Quel abandon criminel ! s’insurgea M me  de Fontsalte
avant même d’embrasser son fils.
    — Je lui avais dit : « J’irai te chercher à
cinq heures, car la nuit tombe tôt », mais, comme toujours, impatient, il
ne m’a pas attendue. Quand je suis arrivée à l’Académie, on m’a dit qu’il était
parti seul. Je l’ai retrouvé chez l’apothicaire de la Palud, où les gens qui l’avaient
vu tomber l’ont transporté, expliqua Aricie entre deux sanglots.
    Puis elle ajouta :
    — C’est de ma faute, ce qui arrive. Je ne dois plus le
laisser sortir seul. Il ne voit pas ses pieds. Vous pensez, il a dû manquer une
marche et… oh ! mon Dieu, pourvu qu’il guérisse !
    Le médecin, qui tenait le poignet du blessé, salua Axel d’un
signe de tête et, répondant à l’interrogation muette de ce dernier, constata à
voix basse, pour ne pas être entendu des femmes :
    — Le pouls file, file. À peine si je le sens encore.
    — Vuippens est prévenu, dit Axel à sa mère, toujours
penchée sur Martin, dont les traits se creusaient, avec une crispation des
paupières et des lèvres, signe de souffrance, estima Axel, désemparé.
    Blaise, qui avait suivi son fils, lui toucha l’épaule.

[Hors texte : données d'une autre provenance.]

(* Let $f:(R,\mathfrak{m})\to(S,\mathfrak{n})$ and $g:(S,\mathfrak{n})\to(R,\mathfrak{m})$ be homomorphisms of finite length of Noetherian local rings. Then $g\circ f$ and $f\circ g$ are self-maps of finite length of $R$ and $S$ respectively, and $h_{\mathrm{alg}}(g\circ f,R)=h_{\mathrm{alg}}(f\circ g,S)$.
   Context: A homomorphism $u:(A,\mathfrak{a})\to(B,\mathfrak{b})$ of Noetherian local rings is of finite length if it is local and $u(\mathfrak{a})B$ is $\mathfrak{b}$-primary; its length is $\lambda(u):=\ell_B(B/u(\mathfrak{a})B)$. For a self-map of finite length $\psi$ of a Noetherian local ring $A$, the algebraic entropy is $h_{\mathrm{alg}}(\psi,A):=\lim_{n\to\infty}\frac1n\log\lambda(\psi^n)$ (the limit exists). *)

From Stdlib Require Import Reals ClassicalEpsilon.
From HB Require Import structures.
From mathcomp Require Import all_boot all_order all_algebra.
Set Implicit Arguments. Unset Strict Implicit. Unset Printing Implicit Defensive.
Import GRing.Theory.
Local Open Scope ring_scope.

Definition is_ideal (A : comNzRingType) (I : A -> Prop) : Prop :=
  I 0 /\ (forall x y, I x -> I y -> I (x + y)) /\ (forall r x, I x -> I (r * x)).

Definition ideal_eq (A : Type) (I J : A -> Prop) : Prop := forall x, I x <-> J x.
Definition ideal_sub (A : Type) (I J : A -> Prop) : Prop := forall x, I x -> J x.

Definition proper_ideal (A : comNzRingType) (I : A -> Prop) : Prop :=
  is_ideal I /\ ~ I 1.

Definition is_max_ideal (A : comNzRingType) (m : A -> Prop) : Prop :=
  proper_ideal m /\
  forall J, is_ideal J -> ideal_sub m J -> ideal_eq J m \/ J 1.

Definition noetherian (A : comNzRingType) : Prop :=
  forall I : nat -> A -> Prop,
    (forall n, is_ideal (I n)) -> (forall n, ideal_sub (I n) (I n.+1)) ->
    exists N, forall n, (N <= n)%N -> ideal_eq (I n) (I N).

Definition local_ring (A : comNzRingType) (m : A -> Prop) : Prop :=
  is_max_ideal m /\ forall J, is_max_ideal J -> ideal_eq J m.

Definition noetherian_local (A : comNzRingType) (m : A -> Prop) : Prop :=
  noetherian A /\ local_ring m.

Definition ext_ideal (A B : comNzRingType) (u : A -> B) (a : A -> Prop) : B -> Prop :=
  fun y => forall J, is_ideal J -> (forall x, a x -> J (u x)) -> J y.

Definition radical (B : comNzRingType) (I : B -> Prop) : B -> Prop :=
  fun y => exists k : nat, I (y ^+ k).

Definition primary_to (B : comNzRingType) (I b : B -> Prop) : Prop :=
  proper_ideal I /\
  (forall x y, I (x * y) -> I x \/ radical I y) /\
  ideal_eq (radical I) b.

Definition local_map (A B : comNzRingType) (u : A -> B) (a : A -> Prop) (b : B -> Prop) :=
  forall x, a x -> b (u x).

(* Homomorphism of finite length (u is a ring morphism by its type / by
   construction as a composite of ring morphisms). *)
Definition finite_length_map (A B : comNzRingType) (u : A -> B)
  (a : A -> Prop) (b : B -> Prop) : Prop :=
  local_map u a b /\ primary_to (ext_ideal u a) b.

(* Strict chain of length k of submodules of B/I, i.e. of ideals containing I:
   J 0 c J 1 c ... c J k, all ideals containing I, strict inclusions. *)
Definition has_chain (B : comNzRingType) (I : B -> Prop) (k : nat) : Prop :=
  exists J : nat -> B -> Prop,
    (forall i, (i <= k)%N -> is_ideal (J i) /\ ideal_sub I (J i)) /\
    (forall i, (i < k)%N -> ideal_sub (J i) (J i.+1) /\ ~ ideal_sub (J i.+1) (J i)).

(* Length l_B(B/I): the supremum of lengths of such chains (0 if unbounded,
   which never happens in the situations considered). *)
Definition colength (B : comNzRingType) (I : B -> Prop) : nat :=
  epsilon (inhabits 0%N)
    (fun n => has_chain I n /\ forall k, has_chain I k -> (k <= n)%N).

Definition map_length (A B : comNzRingType) (u : A -> B) (a : A -> Prop) : nat :=
  colength (ext_ideal u a).

(* Sequence (1/n) log lambda(psi^n), indexed from n = 1. *)
Definition entropy_seq (A : comNzRingType) (psi : A -> A) (a : A -> Prop) : nat -> R :=
  fun n => Rdiv (ln (INR (map_length (iter n.+1 psi) a))) (INR n.+1).

Definition has_alg_entropy (A : comNzRingType) (psi : A -> A) (a : A -> Prop) (h : R) : Prop :=
  Un_cv (entropy_seq psi a) h.

From Pilot Require Import Defs.
From Stdlib Require Import Reals Lra Lia Classical ClassicalEpsilon FunctionalExtensionality.
From mathcomp Require Import all_boot all_order all_algebra.
From mathcomp Require Import zify.
Set Implicit Arguments. Unset Strict Implicit. Unset Printing Implicit Defensive.
Import GRing.Theory.
Local Open Scope ring_scope.

(* Write λ(u) = ℓ(B/u(a)B).  Two
   estimates carry the proof:
   - finiteness: if I ⊆ n ⊆ rad I in a Noetherian local ring (B, n), then B/I
     has finite length (induction on generators x of n, filtering by I + Bx^j);
   - multiplicativity: for a ring map v out of (B, n) and an ideal I of B,
     ℓ(C/v(I)C) ≤ ℓ(B/I)·ℓ(C/v(n)C) (peel off socle elements of B/I).
   The latter gives λ(ψ^(p+q)) ≤ λ(ψ^p)·λ(ψ^q) for ψ = g∘f and ψ = f∘g, and,
   since (g∘f)^(k+1) = g∘(f∘g)^k∘f, the cross bound
   λ((g∘f)^(k+1)) ≤ λ(f)λ(g)·λ((f∘g)^k), and symmetrically.  After taking
   logarithms, Fekete's lemma gives the limits of (1/k) log λ, and the cross
   bounds force the two limits to agree.  That g∘f has finite length is direct:
   (g∘f)(m)R ⊆ m, and m ⊆ rad(g(n)R) ⊆ rad((g∘f)(m)R). *)

Section IdealBasics.
Variable B : comNzRingType.
Implicit Types (I J : B -> Prop) (x y r : B).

    — Venez. Laissons les femmes s’occuper de lui avec le
médecin. J’ai vu assez de blessés de la colonne vertébrale pour savoir qu’il n’y
a, hélas, pas grand-chose à faire. Si la moelle épinière s’écoule par la
fracture, c’en est fait, mon petit. Je crains le pire, Axel, pour votre vieux
maître.
    Quand Vuippens arriva, une heure à peine après Axel, l’état
de Martin Chantenoz semblait stationnaire. Le poète ne gémissait plus mais son
visage, parfois secoué par des tics nerveux, révélait une souffrance latente. Ses
membres, en revanche, restaient inertes, et ses doigts, dans la main d’Aricie, ne
réagissaient à aucune pression. Louis s’entretint avec le médecin, puis demanda
aux femmes de quitter la chambre et requit Axel et Blaise pour soulever avec précaution
le blessé. Il voulait voir et palper son dos, couvert d’ecchymoses. La tête eût
basculé sur la nuque si Vuippens ne l’eût retenue en constatant une forte
tuméfaction entre les deux épaules.
    — Couchez-le doucement, dit-il en ôtant l’oreiller, afin
que le blessé reposât complètement à plat sur le matelas.
    — Alors ? dit Axel.
    — Il y a lésion grave, ou fracture, au rachis, comme l’indique
la quadriplégie que mon confrère a déjà constatée. Il aurait pu mourir sur le coup,
dit le médecin.
    — Et que peux-tu faire ? demanda Axel, anxieux.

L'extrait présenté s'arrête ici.